Try it: Your task is to return the span of lines beginning at the one with "rewrite sumR_add_range. reflexivity." and ending at the last line of the data, exactly as it stands.

[Dataset entries]
Lemma ramp_class_pshatters_le (n : nat) : pshatters ramp_class n -> (n <= d)%nat.
Proof.
  intros [xs [rs [Hin Hsh]]]. apply Nat.nlt_ge. intros Hdn.
  set (cell_of i := epsilon (inhabits 0%nat)
    (fun k => (k < d)%nat /\ cell_left d k <= xs i <= cell_left d k + / INR d)).
  assert (Hcell : forall i, (i < n)%nat ->
    (cell_of i < d)%nat /\ cell_left d (cell_of i) <= xs i <= cell_left d (cell_of i) + / INR d).
  { intros i Hi. apply epsilon_spec, exists_cell, Hin; assumption. }
  destruct (pigeonhole n d cell_of) as [i [j [Hi [Hj [Hij Heq]]]]];
    [intros i Hi; apply Hcell, Hi | exact Hdn|].
  destruct (Hcell i Hi) as [Hk Hxi], (Hcell j Hj) as [_ Hxj]. rewrite <- Heq in Hxj.
  destruct (Hsh (fun l => Nat.eqb l i)) as [f1 [[c1 ->] H1]].
  destruct (Hsh (fun l => Nat.eqb l j)) as [f2 [[c2 ->] H2]].
  assert (A1 : rs i <= ramp_sum c1 (xs i)) by (apply H1; [exact Hi | apply Nat.eqb_refl]).
  assert (A2 : rs j <= ramp_sum c2 (xs j)) by (apply H2; [exact Hj | apply Nat.eqb_refl]).
  assert (B1 : ~ rs j <= ramp_sum c1 (xs j))
    by (intros C; apply (proj1 (H1 j Hj)), Nat.eqb_eq in C; auto).
  assert (B2 : ~ rs i <= ramp_sum c2 (xs i))
    by (intros C; apply (proj1 (H2 i Hi)), Nat.eqb_eq in C; auto).
  destruct (ramp_sum_cell_total c1 c2 (cell_of i) Hk) as [Hle|Hle].
  - apply B2. eapply Rle_trans; [exact A1 | exact (Hle _ Hxi)].
  - apply B1. eapply Rle_trans; [exact A2 | exact (Hle _ Hxj)].
Qed.

Lemma pdim_ramp_class : pdim_eq ramp_class d.
Proof. split; [exact ramp_class_pshatters | exact ramp_class_pshatters_le]. Qed.

End RampClass.

(** * Dyadic binary search *)

Lemma half_pow_pos (k : nat) : 0 < (/ 2) ^ k.
Proof. apply pow_lt; lra. Qed.

Lemma half_pow_antitone (i j : nat) : (i <= j)%nat -> (/ 2) ^ j <= (/ 2) ^ i.
Proof.
  intros Hij. rewrite !pow_inv. apply Rinv_le_contravar; [apply pow_lt; lra|].
  apply Rle_pow; [lra | exact Hij].
Qed.

Section DyadicSearch.

Variables (W : R) (b : nat -> bool).
Hypothesis HW : 0 < W.

Definition dyadic_digit (j : nat) : R := if b j then W * (/ 2) ^ S j else 0.

(* Position of the binary search after [i] steps, relative to the left end of the cell. *)
Definition dyadic_offset (i : nat) : R := sumR i dyadic_digit.

Lemma geometric_sum_half (s n : nat) :
  sumR n (fun j => W * (/ 2) ^ S (s + j)) = W * (/ 2) ^ s - W * (/ 2) ^ (s + n).
Proof.
  induction n as [|n IH]; cbn [sumR]; [rewrite Nat.add_0_r; lra|].
  rewrite IH, Nat.add_succ_r. simpl. field.
Qed.

Lemma dyadic_window_range (s n : nat) :
  0 <= sumR n (fun j => dyadic_digit (s + j)) <= W * (/ 2) ^ s - W * (/ 2) ^ (s + n).
Proof.
  rewrite <- (geometric_sum_half s n). split.
  - apply sumR_ge0. intros j _. unfold dyadic_digit.
    destruct (b _); [pose proof (half_pow_pos (S (s + j))); nra | lra].
  - apply sumR_le. intros j _. unfold dyadic_digit.
    destruct (b _); pose proof (half_pow_pos (S (s + j))); nra.
Qed.

Lemma dyadic_offset_split (i D : nat) : (i < D)%nat ->
  exists tail, dyadic_offset D = dyadic_offset i + dyadic_digit i + tail /\
    0 <= tail <= W * (/ 2) ^ S i - W * (/ 2) ^ D.
Proof.
  intros HiD. exists (sumR (D - S i) (fun j => dyadic_digit (S i + j))). split.
  - unfold dyadic_offset. replace D with (S i + (D - S i))%nat at 1 by lia.
    rewrite sumR_add_range. reflexivity.
  - pose proof (dyadic_window_range (S i) (D - S i)) as Hwin.
    replace (S i + (D - S i))%nat with D in Hwin by lia. exact Hwin.
Qed.

(* The [i]-th query sits [delta] left of the midpoint of the current dyadic interval. *)
Lemma dyadic_query_separated (a : R) (i D : nat) : (i < D)%nat ->
  let q := a + dyadic_offset i + W * (/ 2) ^ S i - W * (/ 2) ^ S D in
  let c := a + dyadic_offset D in
  let delta := W * (/ 2) ^ S D in
  a + delta <= q <= a + W - delta /\
  (b i = false -> c <= q - delta) /\ (b i = true -> q + delta <= c).
Proof.
  intros HiD q c delta.
  destruct (dyadic_window_range 0 i) as [Hoff0 Hoff1].
  change (sumR i (fun j => dyadic_digit (0 + j))) with (dyadic_offset i) in Hoff0, Hoff1.
  assert (0 < W * (/ 2) ^ i) by (pose proof (half_pow_pos i); nra).
  destruct (dyadic_offset_split i D HiD) as [tail [Hsplit [Htail0 Htail1]]].
  pose proof (half_pow_antitone (S i) D HiD).
  pose proof (half_pow_pos D).
  assert (W * (/ 2) ^ D <= W * (/ 2) ^ S i) by nra.
  assert (Hhalf : forall k, W * (/ 2) ^ S k = W * (/ 2) ^ k / 2) by (intros; simpl; field).
  assert (0 < delta) by (unfold delta; pose proof (half_pow_pos (S D)); nra).
  unfold q, c, delta in *. rewrite !Hhalf in *.
  unfold dyadic_digit in Hsplit. simpl in Hoff1.
  repeat split; try lra; intros Hb; rewrite Hsplit, Hb, ?Hhalf; lra.
Qed.

End DyadicSearch.

(** * The adversary *)

(* [walk_potential sg s r] is [E g(s + S_r)] for a simple random walk [S_r] with [r]
   steps and [g x = x^2/sg - 4/27 x^4/sg^3] (expand with [E S_r^2 = r] and
   [E S_r^4 = 3r^2 - 2r]); [4/27] is the least coefficient for which [g x <= |x|]. *)
Definition walk_potential (sg s r : R) : R :=
  (s ^ 2 + r) / sg - 4 / 27 * (s ^ 4 + 6 * r * s ^ 2 + 3 * r ^ 2 - 2 * r) / sg ^ 3.

Lemma walk_potential_step (sg s r : R) : 0 < sg ->
  walk_potential sg (s + 1) (r - 1) + walk_potential sg (s - 1) (r - 1) = 2 * walk_potential sg s r.
Proof. intros. unfold walk_potential. field. lra. Qed.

Answer section:
    rewrite sumR_add_range. reflexivity.
  - pose proof (dyadic_window_range (S i) (D - S i)) as Hwin.
    replace (S i + (D - S i))%nat with D in Hwin by lia. exact Hwin.
Qed.

(* The [i]-th query sits [delta] left of the midpoint of the current dyadic interval. *)
Lemma dyadic_query_separated (a : R) (i D : nat) : (i < D)%nat ->
  let q := a + dyadic_offset i + W * (/ 2) ^ S i - W * (/ 2) ^ S D in
  let c := a + dyadic_offset D in
  let delta := W * (/ 2) ^ S D in
  a + delta <= q <= a + W - delta /\
  (b i = false -> c <= q - delta) /\ (b i = true -> q + delta <= c).
Proof.
  intros HiD q c delta.
  destruct (dyadic_window_range 0 i) as [Hoff0 Hoff1].
  change (sumR i (fun j => dyadic_digit (0 + j))) with (dyadic_offset i) in Hoff0, Hoff1.
  assert (0 < W * (/ 2) ^ i) by (pose proof (half_pow_pos i); nra).
  destruct (dyadic_offset_split i D HiD) as [tail [Hsplit [Htail0 Htail1]]].
  pose proof (half_pow_antitone (S i) D HiD).
  pose proof (half_pow_pos D).
  assert (W * (/ 2) ^ D <= W * (/ 2) ^ S i) by nra.
  assert (Hhalf : forall k, W * (/ 2) ^ S k = W * (/ 2) ^ k / 2) by (intros; simpl; field).
  assert (0 < delta) by (unfold delta; pose proof (half_pow_pos (S D)); nra).
  unfold q, c, delta in *. rewrite !Hhalf in *.
  unfold dyadic_digit in Hsplit. simpl in Hoff1.
  repeat split; try lra; intros Hb; rewrite Hsplit, Hb, ?Hhalf; lra.
Qed.

End DyadicSearch.

(** * The adversary *)

(* [walk_potential sg s r] is [E g(s + S_r)] for a simple random walk [S_r] with [r]
   steps and [g x = x^2/sg - 4/27 x^4/sg^3] (expand with [E S_r^2 = r] and
   [E S_r^4 = 3r^2 - 2r]); [4/27] is the least coefficient for which [g x <= |x|]. *)
Definition walk_potential (sg s r : R) : R :=
  (s ^ 2 + r) / sg - 4 / 27 * (s ^ 4 + 6 * r * s ^ 2 + 3 * r ^ 2 - 2 * r) / sg ^ 3.

Lemma walk_potential_step (sg s r : R) : 0 < sg ->
  walk_potential sg (s + 1) (r - 1) + walk_potential sg (s - 1) (r - 1) = 2 * walk_potential sg s r.
Proof. intros. unfold walk_potential. field. lra. Qed.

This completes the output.